The father may have had no idea who was invited. In my circles, generally it is the Mom who handles that kind of stuff. And accusing him of threats? Idle or otherwise? My goodness Mama please be more fair to this little boy. He is being a TODDLER. This is what they do. This is how they learn. It isn't personal-stop making it personal and stop making it have anything to do with you.

Quote:


> However, I am totally within my rights to speak up when a child taunts my child repeatedly. To have my child taunted with being excluded and the parent stands there and does/ says nothing, yes, I speak up. And a BS excuse about the exclusion, that even my 3 year old would know is untrue, well that's just silly. I don't need an excuse, and I especially don't need a lie.


Huh? Where did he repeatedly taunt your DD? What comes through to me loud and clear is you simply don't like this little boy and are dumping all kinds of baggage on him. Secondly, judging by your over the top reaction, I completely understand why they did lie to you about the reason for not including your DD.

Quote:


> Since Thanksgiving, both inside and outside of school, some kids have been willfully aggressive toward other kids, with parents not apologizing, not making the kid apologize and making excuses for their kids instead of setting limits


Toddlers being aggressive?
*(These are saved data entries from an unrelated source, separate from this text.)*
(* Let $\mathcal L$ be a summable category with finite products strictly preserved by $S$. For objects $X_0,X_1$ put $\psi^0_{X_0,X_1}=SX_0\,\&\,\iota_{0,X_1}\in\mathcal L(SX_0\& X_1,S(X_0\& X_1))$ and $\psi^1_{X_0,X_1}=\iota_{0,X_0}\,\&\,SX_1\in\mathcal L(X_0\& SX_1,S(X_0\& X_1))$. Then, as morphisms $SX_0\& SX_1\to S^2(X_0\& X_1)$ in $\mathcal L$, $$c_{X_0\&X_1}\circ S(\psi^0_{X_0,X_1})\circ\psi^1_{SX_0,X_1}=S(\psi^1_{X_0,X_1})\circ\psi^0_{X_0,SX_1}.$$
   Context: $\mathcal L$ is a category with zero morphisms equipped with a summability structure: a functor $S$ and natural transformations $\pi_0,\pi_1,\sigma:S\Rightarrow\mathrm{Id}$, $\pi_0,\pi_1$ jointly monic, satisfying the axioms of summable categories of Ehrhard's coherent differentiation; $f_0,f_1\in\mathcal L(X,Y)$ are summable if there is (a necessarily unique) $\langle f_0,f_1\rangle\in\mathcal L(X,SY)$ with $\pi_i\circ\langle f_0,f_1\rangle=f_i$, and then $f_0+f_1=\sigma\circ\langle f_0,f_1\rangle$. Homsets are partial commutative monoids for this sum with neutral element $0$ and composition distributes over defined sums. $\iota_0=\langle\mathrm{id},0\rangle:\mathrm{Id}\Rightarrow S$, and the flip $c:S^2\Rightarrow S^2$ is the natural transformation characterised by $\pi_i\circ\pi_j\circ c=\pi_j\circ\pi_i$ ($i,j\in\{0,1\}$). $\mathcal L$ has finite cartesian products $X_0\& X_1$ with projections $p_0,p_1$, and $S$ preserves them strictly: $S(X_0\&X_1)=SX_0\& SX_1$ and $S p_i=p_i$. For morphisms $f_i$, $f_0\& f_1$ is the product of morphisms; an object written in place of a morphism denotes its identity. *)

Set Implicit Arguments.
Set Universe Polymorphism.

Record Category := {
  Ob :> Type;
  Hom : Ob -> Ob -> Type;
  comp : forall X Y Z : Ob, Hom Y Z -> Hom X Y -> Hom X Z;
  idm : forall X : Ob, Hom X X;
  comp_id_l : forall X Y (f : Hom X Y), comp (idm Y) f = f;
  comp_id_r : forall X Y (f : Hom X Y), comp f (idm X) = f;
  comp_assoc : forall X Y Z W (h : Hom Z W) (g : Hom Y Z) (f : Hom X Y),
      comp h (comp g f) = comp (comp h g) f
}.
Arguments Hom {c} _ _.
Arguments comp {c X Y Z} _ _.
Arguments idm {c} _.

Definition castHom (C : Category) (A A' B B' : C) (ea : A = A') (eb : B = B')
  (f : Hom A B) : Hom A' B' :=
  match ea in _ = A1 return Hom A1 B' with
  | eq_refl => match eb in _ = B1 return Hom A B1 with eq_refl => f end
  end.
Arguments castHom {C A A' B B'} ea eb f.

Record SummableCat := {
  cat :> Category;
  zero : forall X Y : cat, Hom X Y;
  comp_zero_l : forall X Y Z (f : Hom X Y), comp (zero Y Z) f = zero X Z;
  comp_zero_r : forall X Y Z (g : Hom Y Z), comp g (zero X Y) = zero X Z;
  Sob : cat -> cat;
  Smap : forall X Y : cat, Hom X Y -> Hom (Sob X) (Sob Y);
  Smap_id : forall X, Smap _ _ (idm X) = idm (Sob X);
  Smap_comp : forall X Y Z (g : Hom Y Z) (f : Hom X Y),
      Smap _ _ (comp g f) = comp (Smap _ _ g) (Smap _ _ f);
  pi0 : forall X, Hom (Sob X) X;
  pi1 : forall X, Hom (Sob X) X;
  sigma : forall X, Hom (Sob X) X;
  pi0_nat : forall X Y (f : Hom X Y), comp f (pi0 X) = comp (pi0 Y) (Smap _ _ f);
  pi1_nat : forall X Y (f : Hom X Y), comp f (pi1 X) = comp (pi1 Y) (Smap _ _ f);
  sigma_nat : forall X Y (f : Hom X Y), comp f (sigma X) = comp (sigma Y) (Smap _ _ f);
  pi_jmonic : forall Z X (f g : Hom Z (Sob X)),
      comp (pi0 X) f = comp (pi0 X) g -> comp (pi1 X) f = comp (pi1 X) g -> f = g;
  (* summability axioms, in the form: the partial sum
     f0 + f1 = sigma o <f0,f1> (defined iff a witness <f0,f1> exists)
     makes homsets partial commutative monoids with neutral element 0, and
     composition distributes over defined sums *)
  sum_zero : forall X Y (f : Hom X Y),
      exists h : Hom X (Sob Y), comp (pi0 Y) h = f /\ comp (pi1 Y) h = zero X Y
                              /\ comp (sigma Y) h = f;
  sum_comm : forall X Y (f0 f1 g : Hom X Y),
      (exists h, comp (pi0 Y) h = f0 /\ comp (pi1 Y) h = f1 /\ comp (sigma Y) h = g) ->
      (exists h, comp (pi0 Y) h = f1 /\ comp (pi1 Y) h = f0 /\ comp (sigma Y) h = g);
  sum_assoc : forall X Y (f0 f1 f2 g01 g : Hom X Y),
      (exists h, comp (pi0 Y) h = f0 /\ comp (pi1 Y) h = f1 /\ comp (sigma Y) h = g01) ->
      (exists h, comp (pi0 Y) h = g01 /\ comp (pi1 Y) h = f2 /\ comp (sigma Y) h = g) ->
      exists g12 : Hom X Y,
        (exists h, comp (pi0 Y) h = f1 /\ comp (pi1 Y) h = f2 /\ comp (sigma Y) h = g12) /\
        (exists h, comp (pi0 Y) h = f0 /\ comp (pi1 Y) h = g12 /\ comp (sigma Y) h = g);
  sum_comp_r : forall W X Y (k : Hom W X) (f0 f1 g : Hom X Y),
      (exists h, comp (pi0 Y) h = f0 /\ comp (pi1 Y) h = f1 /\ comp (sigma Y) h = g) ->
      (exists h, comp (pi0 Y) h = comp f0 k /\ comp (pi1 Y) h = comp f1 k
                 /\ comp (sigma Y) h = comp g k);
  sum_comp_l : forall X Y Z (k : Hom Y Z) (f0 f1 g : Hom X Y),
      (exists h, comp (pi0 Y) h = f0 /\ comp (pi1 Y) h = f1 /\ comp (sigma Y) h = g) ->
      (exists h, comp (pi0 Z) h = comp k f0 /\ comp (pi1 Z) h = comp k f1
                 /\ comp (sigma Z) h = comp k g);
  iota0 : forall X, Hom X (Sob X);
  pi0_iota0 : forall X, comp (pi0 X) (iota0 X) = idm X;
  pi1_iota0 : forall X, comp (pi1 X) (iota0 X) = zero X X;
  flip : forall X, Hom (Sob (Sob X)) (Sob (Sob X));
  flip_00 : forall X, comp (pi0 X) (comp (pi0 (Sob X)) (flip X))
                      = comp (pi0 X) (pi0 (Sob X));
  flip_01 : forall X, comp (pi0 X) (comp (pi1 (Sob X)) (flip X))
                      = comp (pi1 X) (pi0 (Sob X));
  flip_10 : forall X, comp (pi1 X) (comp (pi0 (Sob X)) (flip X))
                      = comp (pi0 X) (pi1 (Sob X));
  flip_11 : forall X, comp (pi1 X) (comp (pi1 (Sob X)) (flip X))
                      = comp (pi1 X) (pi1 (Sob X));
  term : cat;
  bang : forall X, Hom X term;
  bang_unique : forall X (f : Hom X term), f = bang X;
  prodO : cat -> cat -> cat;
  p0 : forall X0 X1, Hom (prodO X0 X1) X0;
  p1 : forall X0 X1, Hom (prodO X0 X1) X1;
  pairP : forall Z X0 X1, Hom Z X0 -> Hom Z X1 -> Hom Z (prodO X0 X1);
  p0_pair : forall Z X0 X1 (f0 : Hom Z X0) (f1 : Hom Z X1),
      comp (p0 X0 X1) (pairP _ _ _ f0 f1) = f0;
  p1_pair : forall Z X0 X1 (f0 : Hom Z X0) (f1 : Hom Z X1),
      comp (p1 X0 X1) (pairP _ _ _ f0 f1) = f1;
  pair_unique : forall Z X0 X1 (h : Hom Z (prodO X0 X1)),
      h = pairP _ _ _ (comp (p0 X0 X1) h) (comp (p1 X0 X1) h);
  S_term : Sob term = term;
  S_prodO : forall X0 X1, Sob (prodO X0 X1) = prodO (Sob X0) (Sob X1);
  S_p0 : forall X0 X1,
      Smap _ _ (p0 X0 X1) = @castHom cat _ _ _ _ (eq_sym (S_prodO X0 X1)) eq_refl (p0 (Sob X0) (Sob X1));
  S_p1 : forall X0 X1,
      Smap _ _ (p1 X0 X1) = @castHom cat _ _ _ _ (eq_sym (S_prodO X0 X1)) eq_refl (p1 (Sob X0) (Sob X1))
}.

Arguments zero {s} X Y.
Arguments Sob {s} X.
Arguments Smap {s X Y} f.
Arguments pi0 {s} X.
Arguments pi1 {s} X.
Arguments sigma {s} X.
Arguments iota0 {s} X.
Arguments flip {s} X.
Arguments prodO {s} X0 X1.
Arguments p0 {s} X0 X1.
Arguments p1 {s} X0 X1.
Arguments pairP {s Z X0 X1} _ _.

Definition prodM {L : SummableCat} (A0 A1 B0 B1 : L)
  (f0 : Hom A0 B0) (f1 : Hom A1 B1) : Hom (prodO A0 A1) (prodO B0 B1) :=
  pairP (comp f0 (p0 A0 A1)) (comp f1 (p1 A0 A1)).
Arguments prodM {L A0 A1 B0 B1} f0 f1.

Definition psi0 {L : SummableCat} (X0 X1 : L)
  : Hom (prodO (Sob X0) X1) (Sob (prodO X0 X1)) :=
  castHom eq_refl (eq_sym (S_prodO L X0 X1)) (prodM (idm (Sob X0)) (iota0 X1)).

Definition psi1 {L : SummableCat} (X0 X1 : L)
  : Hom (prodO X0 (Sob X1)) (Sob (prodO X0 X1)) :=
  castHom eq_refl (eq_sym (S_prodO L X0 X1)) (prodM (iota0 X0) (idm (Sob X1))).


(* Both sides are morphisms into S^2(X0 & X1), so by joint monicity of pi0, pi1
   (used twice) they are determined by their components pi_i o pi_j.  Pushing
   these through S, the flip and the psi's leaves products of projections pi_k
   and of the coordinates delta_k of iota0 = <id, 0>: the left-hand side gives
   (pi_j o delta_i) & (delta_j o pi_i), the right-hand side
   (delta_i o pi_j) & (pi_i o delta_j).  Since delta_k is either the identity or
   zero, it commutes with every morphism, and the two sides agree. *)

Section SummableProducts.
Context {L : SummableCat}.

Definition pi (i : bool) (X : L) : Hom (Sob X) X := if i then pi1 X else pi0 X.

Definition delta (i : bool) (X : L) : Hom X X := if i then zero X X else idm X.

Lemma pi_ext (X Z : L) (f g : Hom Z (Sob X)) :
  (forall i, comp (pi i X) f = comp (pi i X) g) -> f = g.
Proof. intros H. apply pi_jmonic; [apply (H false) | apply (H true)]. Qed.

Lemma pi_Smap_comp (X Y Z : L) (i : bool) (f : Hom X Y) (g : Hom Z (Sob X)) :
  comp (pi i Y) (comp (Smap f) g) = comp f (comp (pi i X) g).
Proof.
  rewrite !comp_assoc. destruct i; simpl; [rewrite pi1_nat | rewrite pi0_nat];
  reflexivity.
Qed.

Lemma pi_flip_comp (X Z : L) (i j : bool) (g : Hom Z (Sob (Sob X))) :
  comp (pi i X) (comp (pi j (Sob X)) (comp (flip X) g))
  = comp (pi j X) (comp (pi i (Sob X)) g).
Proof.
  rewrite (comp_assoc _ _ _ _ _ (pi j (Sob X))), comp_assoc.
  destruct i, j; simpl;
    [rewrite flip_11 | rewrite flip_10 | rewrite flip_01 | rewrite flip_00];
  rewrite <- comp_assoc; reflexivity.
Qed.

Lemma pi_iota0 (X : L) (i : bool) : comp (pi i X) (iota0 X) = delta i X.
Proof. destruct i; simpl; [apply pi1_iota0 | apply pi0_iota0]. Qed.

Lemma delta_nat (X Y : L) (i : bool) (f : Hom X Y) :
  comp f (delta i X) = comp (delta i Y) f.
Proof.
  destruct i; simpl.
  - rewrite comp_zero_r, comp_zero_l. reflexivity.
  - rewrite comp_id_r, comp_id_l. reflexivity.
Qed.

Lemma prod_ext (A B Z : L) (f g : Hom Z (prodO A B)) :
  comp (p0 A B) f = comp (p0 A B) g -> comp (p1 A B) f = comp (p1 A B) g -> f = g.
Proof.
  intros H0 H1. rewrite (pair_unique _ _ _ _ f), (pair_unique _ _ _ _ g), H0, H1.
  reflexivity.
Qed.

Lemma p0_prodM_comp (A0 A1 B0 B1 Z : L) (f0 : Hom A0 B0) (f1 : Hom A1 B1)
  (h : Hom Z (prodO A0 A1)) :
  comp (p0 B0 B1) (comp (prodM f0 f1) h) = comp f0 (comp (p0 A0 A1) h).
Proof. unfold prodM. rewrite !comp_assoc, p0_pair. reflexivity. Qed.

Lemma p1_prodM_comp (A0 A1 B0 B1 Z : L) (f0 : Hom A0 B0) (f1 : Hom A1 B1)
  (h : Hom Z (prodO A0 A1)) :
  comp (p1 B0 B1) (comp (prodM f0 f1) h) = comp f1 (comp (p1 A0 A1) h).
Proof. unfold prodM. rewrite !comp_assoc, p1_pair. reflexivity. Qed.

Lemma prodM_comp (A0 A1 B0 B1 C0 C1 : L) (g0 : Hom B0 C0) (g1 : Hom B1 C1)
  (f0 : Hom A0 B0) (f1 : Hom A1 B1) :
  comp (prodM g0 g1) (prodM f0 f1) = prodM (comp g0 f0) (comp g1 f1).
Proof.
  apply prod_ext.
  - rewrite p0_prodM_comp. unfold prodM. rewrite !p0_pair, comp_assoc. reflexivity.
  - rewrite p1_prodM_comp. unfold prodM. rewrite !p1_pair, comp_assoc. reflexivity.
Qed.

Lemma comp_castHom_sym (A A' B Z : L) (e : A = A') (f : Hom A' B) (h : Hom Z A') :
  comp (castHom (eq_sym e) eq_refl f) (castHom eq_refl (eq_sym e) h) = comp f h.
Proof. destruct e. reflexivity. Qed.

Lemma Smap_p0_cast (A B Z : L) (h : Hom Z (prodO (Sob A) (Sob B))) :
  comp (Smap (p0 A B)) (castHom eq_refl (eq_sym (S_prodO L A B)) h)
  = comp (p0 (Sob A) (Sob B)) h.
Proof. rewrite S_p0. apply comp_castHom_sym. Qed.

Lemma Smap_p1_cast (A B Z : L) (h : Hom Z (prodO (Sob A) (Sob B))) :
  comp (Smap (p1 A B)) (castHom eq_refl (eq_sym (S_prodO L A B)) h)
  = comp (p1 (Sob A) (Sob B)) h.
Proof. rewrite S_p1. apply comp_castHom_sym. Qed.

Lemma pi_prodO_cast (A B Z : L) (i : bool) (h : Hom Z (prodO (Sob A) (Sob B))) :
  comp (pi i (prodO A B)) (castHom eq_refl (eq_sym (S_prodO L A B)) h)
  = comp (prodM (pi i A) (pi i B)) h.
Proof.
  apply prod_ext.
  - rewrite p0_prodM_comp, <- pi_Smap_comp, Smap_p0_cast. reflexivity.
  - rewrite p1_prodM_comp, <- pi_Smap_comp, Smap_p1_cast. reflexivity.
Qed.

Lemma pi_psi0 (X0 X1 : L) (i : bool) :
  comp (pi i (prodO X0 X1)) (psi0 X0 X1) = prodM (pi i X0) (delta i X1).
Proof.
  unfold psi0. rewrite pi_prodO_cast, prodM_comp, comp_id_r, pi_iota0.
  reflexivity.
Qed.

Lemma pi_psi1 (X0 X1 : L) (i : bool) :
  comp (pi i (prodO X0 X1)) (psi1 X0 X1) = prodM (delta i X0) (pi i X1).
Proof.
  unfold psi1. rewrite pi_prodO_cast, prodM_comp, comp_id_r, pi_iota0.
  reflexivity.
Qed.

End SummableProducts.

Theorem mainTheorem3 (L : SummableCat) (X0 X1 : L) :
  comp (flip (prodO X0 X1)) (comp (Smap (psi0 X0 X1)) (psi1 (Sob X0) X1))
  = comp (Smap (psi1 X0 X1)) (psi0 X0 (Sob X1)).
Proof.
  apply pi_ext. intros j. apply pi_ext. intros i.
  rewrite pi_flip_comp, !pi_Smap_comp.
  rewrite (comp_assoc _ _ _ _ _ (pi j _) (psi0 _ _)),
    (comp_assoc _ _ _ _ _ (pi i _) (psi1 _ _)).
  rewrite !pi_psi0, !pi_psi1, !prodM_comp.
  rewrite (delta_nat _ _ i (pi j X0)), (delta_nat _ _ j (pi i X1)).
  reflexivity.
Qed.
Color me shocked.







Toddlers by their very nature are aggressive, anti-social, pain in the ass little people sometimes. And I never make my kid apologize. Forced apologies are ridiculous. And parents not apologizing? Again, what does that have to do with this little boy and his party? It seems like you are blaming all kinds of nefarious goings on at this school on a little boy you clearly don't like.

Quote:


> And by the reports I got, the b-day boy kicked, bit, and pushed his way through the event.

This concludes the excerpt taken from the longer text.